Troubleshooting Datadog AI (LLM Observability) MCP Server with LangChain
Common issues when connecting Datadog AI (LLM Observability) to LangChain through the Vinkius, and how to resolve them.
MultiServerMCPClient not found
pip install langchain-mcp-adaptersDatadog AI (LLM Observability) + LangChain FAQ
Common questions about integrating Datadog AI (LLM Observability) MCP Server with LangChain.
How does LangChain connect to MCP servers?
langchain-mcp-adapters to create an MCP client. LangChain discovers all tools and wraps them as native LangChain tools compatible with any agent type.Which LangChain agent types work with MCP?
Can I trace MCP tool calls in LangSmith?
Connect Datadog AI (LLM Observability) with your favorite client
Step-by-step setup guides for every MCP-compatible client and framework:
Anthropic's native desktop app for Claude with built-in MCP support.
AI-first code editor with integrated LLM-powered coding assistance.
GitHub Copilot in VS Code with Agent mode and MCP support.
Purpose-built IDE for agentic AI coding workflows.
Autonomous AI coding agent that runs inside VS Code.
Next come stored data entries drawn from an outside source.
Lemma excess_spec (A B : X * R -> Prop) a0 :
  A a0 -> (forall a, A a -> exists b, B b /\ dbar d a b <= 1) ->
  exists e, excess d A B = Finite e /\ 0 <= e /\
    (forall r, e < r -> sub_nbhd r A B) /\
    (forall r, (forall del, 0 < del -> sub_nbhd (r + del) A B) -> e <= r).
Proof.
  intros Ha0 Hnear.
  assert (Hdist : forall a, A a -> exists r, dist_pt_set d a B = Finite r /\ 0 <= r <= 1 /\
            (forall b, B b -> r <= dbar d a b) /\
            (forall r', r < r' -> exists b, B b /\ dbar d a b < r')).
  { intros a Ha. destruct (Hnear a Ha) as [b [Hb Hab]].
    destruct (dist_pt_set_spec a B b Hb) as [r [Hr [Hlb Hglb]]].
    exists r. repeat split; auto; [|specialize (Hlb b Hb); lra].
    apply Rnot_lt_le. intros Hneg. destruct (Hglb 0 Hneg) as [b' [_ Hb']].
    pose proof (metric_nonneg dbar_metric a b'). lra. }
  destruct (Hdist a0 Ha0) as [r0 [Hr0 [Hr0b _]]].
  destruct (Lub_Rbar_finite (fun r => exists a, A a /\ Finite r = dist_pt_set d a B) r0 1)
    as [e [He [Hub Hlub]]].
  { exists a0. auto. }
  { intros r [a [Ha Hr]]. destruct (Hdist a Ha) as [r' [Hr' [Hb _]]].
    rewrite Hr' in Hr. injection Hr as ->. lra. }
  exists e. split; [exact He|]. split; [|split].
  - assert (r0 <= e) by (apply Hub; eauto). lra.
  - intros r Hr a Ha. destruct (Hdist a Ha) as [ra [Hra [_ [_ Hclose]]]].
    apply Hclose. assert (ra <= e) by (apply Hub; eauto). lra.
  - intros r Hr. apply Hlub. intros ra [a [Ha Hra]].
    destruct (Hdist a Ha) as [ra' [Hra' [_ [Hlb _]]]]. rewrite Hra' in Hra. injection Hra as ->.
    apply Rnot_lt_le. intros Hlt. destruct (Hr (ra' - r) ltac:(lra) a Ha) as [b [Hb Hab]].
    specialize (Hlb b Hb). lra.
Qed.

Definition endo_close (r : R) (u v : FUSCG d) : Prop :=
  sub_nbhd r (endg u) (endg v) /\ sub_nbhd r (endg v) (endg u).
Lemma ric_frame X Y :
  ric G B c X Y = \sum_a \sum_b (X *m W) 0 a * (Y *m W) 0 b * frame_ricci a b.
Proof.
rewrite (ric_scaled_basis w_gt0 c_graded) => [|i]; last exact/ltW.
rewrite frame_adjoint_sum frame_bracket_sum !mulr_sumr -big_split; apply: eq_bigr => a _.
rewrite !mulr_sumr -big_split; apply: eq_bigr => b _.
by rewrite /frame_ricci /=; ring.
Qed.

Lemma ip_frame_eigen Ric (l : 'I_n -> R) X Y : V *m Ric = diag_mx (\row_k l k) *m V ->
  ip G (X *m Ric) Y = \sum_a (X *m W) 0 a * (Y *m W) 0 a * l a / x a.
Proof.
move=> VRic; rewrite ip_frame; apply: eq_bigr => a _.
rewrite {1}(frame_coordsK X) -(mulmxA _ V Ric) VRic mulmxA -(mulmxA _ V W) VW mulmx1.
by rewrite mul_mx_diag !mxE; ring.
Qed.

Lemma ricci_op_frame Ric (l : 'I_n -> R) : V *m Ric = diag_mx (\row_k l k) *m V ->
  (forall a b, frame_ricci a b = if a == b then l a / x a else 0) ->
  is_ricci_op G B c Ric.
Proof.
move=> VRic ricci_eqs X Y; rewrite (ip_frame_eigen _ _ VRic) ric_frame.
apply: eq_bigr => a _; rewrite (bigD1 a) //= big1 => [|b ne_ba].
  by rewrite ricci_eqs eqxx addr0 mulrA.
by rewrite ricci_eqs eq_sym (negbTE ne_ba) mulr0.
Qed.

End Frame.

Section Coordinates.
Variable R : realType.

(* Coordinates are indexed by nat so that tables defined by pattern matching compute;
   only k < 7 is meaningful. *)
Definition ent (u : 'rV[R]_7) (k : nat) : R := u 0 (inord k).
Arguments ent : simpl never.

Lemma sum7 (F : 'I_7 -> R) : \sum_(i < 7) F i =
  F (inord 0) + F (inord 1) + F (inord 2) + F (inord 3) + F (inord 4) + F (inord 5) + F (inord 6).
Proof.
rewrite !big_ord_recl big_ord0 addr0 !addrA.
by congr (_ + _ + _ + _ + _ + _ + _); congr F; apply/val_inj; rewrite /= inordK.
Qed.

Lemma forall_lt7 (P : nat -> Prop) :
  P 0%N -> P 1%N -> P 2%N -> P 3%N -> P 4%N -> P 5%N -> P 6%N -> forall m, (m < 7)%N -> P m.
Proof. by move=> ? ? ? ? ? ? ? [|[|[|[|[|[|[|m]]]]]]]. Qed.

Lemma rowP7 (u v : 'rV[R]_7) : (forall m, (m < 7)%N -> ent u m = ent v m) -> u = v.
Proof. by move=> uv; apply/rowP => k; rewrite -[k]inord_val; apply: uv. Qed.

Lemma matrixP7 (M N : 'M[R]_7) :
  (forall a b, (a < 7)%N -> (b < 7)%N -> M (inord a) (inord b) = N (inord a) (inord b)) -> M = N.
Proof. by move=> MN; apply/matrixP => i j; rewrite -[i]inord_val -[j]inord_val; apply: MN. Qed.

Lemma entD (u v : 'rV[R]_7) m : ent (u + v) m = ent u m + ent v m.
Proof. by rewrite /ent mxE. Qed.

Lemma ent0 m : ent (0 : 'rV[R]_7) m = 0.
Proof. by rewrite /ent mxE. Qed.

Lemma ent_mulmx (u : 'rV[R]_7) (M : 'M[R]_7) m : ent (u *m M) m =
  ent u 0 * M (inord 0) (inord m) + ent u 1 * M (inord 1) (inord m) +
  ent u 2 * M (inord 2) (inord m) + ent u 3 * M (inord 3) (inord m) +
  ent u 4 * M (inord 4) (inord m) + ent u 5 * M (inord 5) (inord m) +
  ent u 6 * M (inord 6) (inord m).
Proof. by rewrite /ent mxE sum7. Qed.
Lemma swapends_in n (r : 'S_n) : (swapends r \in shallow132inv n.+2) = (r \in shallow132inv n).
Proof.
rewrite !inE /avoids !contains_pattern132.
by rewrite shallow_swapends pattern132_swapends involution_swapends.
Qed.

Lemma shallow132inv_rec n :
  shallow132inv n.+2 = (@fixlast n.+1) @: shallow132inv n.+1 :|: (@swapends n) @: shallow132inv n.
Proof.
apply/setP => s; rewrite in_setU; apply/idP/orP => [s_in|]; last first.
  by case=> /imsetP [r r_in ->]; rewrite ?fixlast_in ?swapends_in.
case: (eqVneq (s ord_max) ord_max) => s_max.
  have [r Er] := perm_fixed_lift s_max.
  by left; apply/imsetP; exists r; rewrite // -fixlast_in /fixlast -Er.
move: (s_in); rewrite inE /avoids contains_pattern132 => /and3P [sh no132 inv_s].
have s0 := shallow132_involution_first sh no132 inv_s s_max.
have [r Er] : exists r, s = swapends r.
  by apply: perm_swapped_ends => //; rewrite -s0 (involutionP _ inv_s).
by right; apply/imsetP; exists r; rewrite // -swapends_in -Er.
Qed.

Lemma card_shallow132inv_rec n :
  #|shallow132inv n.+2| = #|shallow132inv n.+1| + #|shallow132inv n|.
Proof.
rewrite shallow132inv_rec cardsU !card_imset; try exact: fixlast_inj; try exact: swapends_inj.
suff -> : (@fixlast n.+1) @: shallow132inv n.+1 :&: (@swapends n) @: shallow132inv n = set0.
  by rewrite cards0 subn0.
apply/setP => s; rewrite !inE; apply/negP => /andP [/imsetP [r1 _ ->] /imsetP [r2 _]].
by move/(congr1 (fun u : 'S_n.+2 => val (u ord_max))); rewrite fixlast_max swapends_max.
Qed.

Lemma shallow132inv0 : shallow132inv 0 = [set: 'S_0].
Proof.
apply/setP => s; rewrite !inE /avoids contains_pattern132 /shallow Istat_inversions_from.
rewrite /Dstat /Tstat !big_ord0 /=; apply/andP; split.
  by apply/existsP => -[[]].
by apply/involutionP => -[].
Qed.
Anthropic's agentic CLI for terminal-first development.
Python SDK for building production-grade OpenAI agent workflows.
Google's framework for building production AI agents.
Type-safe agent development for Python with first-class MCP support.
TypeScript toolkit for building AI-powered web applications.
TypeScript-native agent framework for modern web stacks.
Python framework for orchestrating collaborative AI agent crews.
Leading Python framework for composable LLM applications.
Data-aware AI agent framework for structured and unstructured sources.
Microsoft's framework for multi-agent collaborative conversations.
Connect Datadog AI (LLM Observability) to LangChain
Get your token, paste the configuration, and start using 10 tools in under 2 minutes. No API key management needed.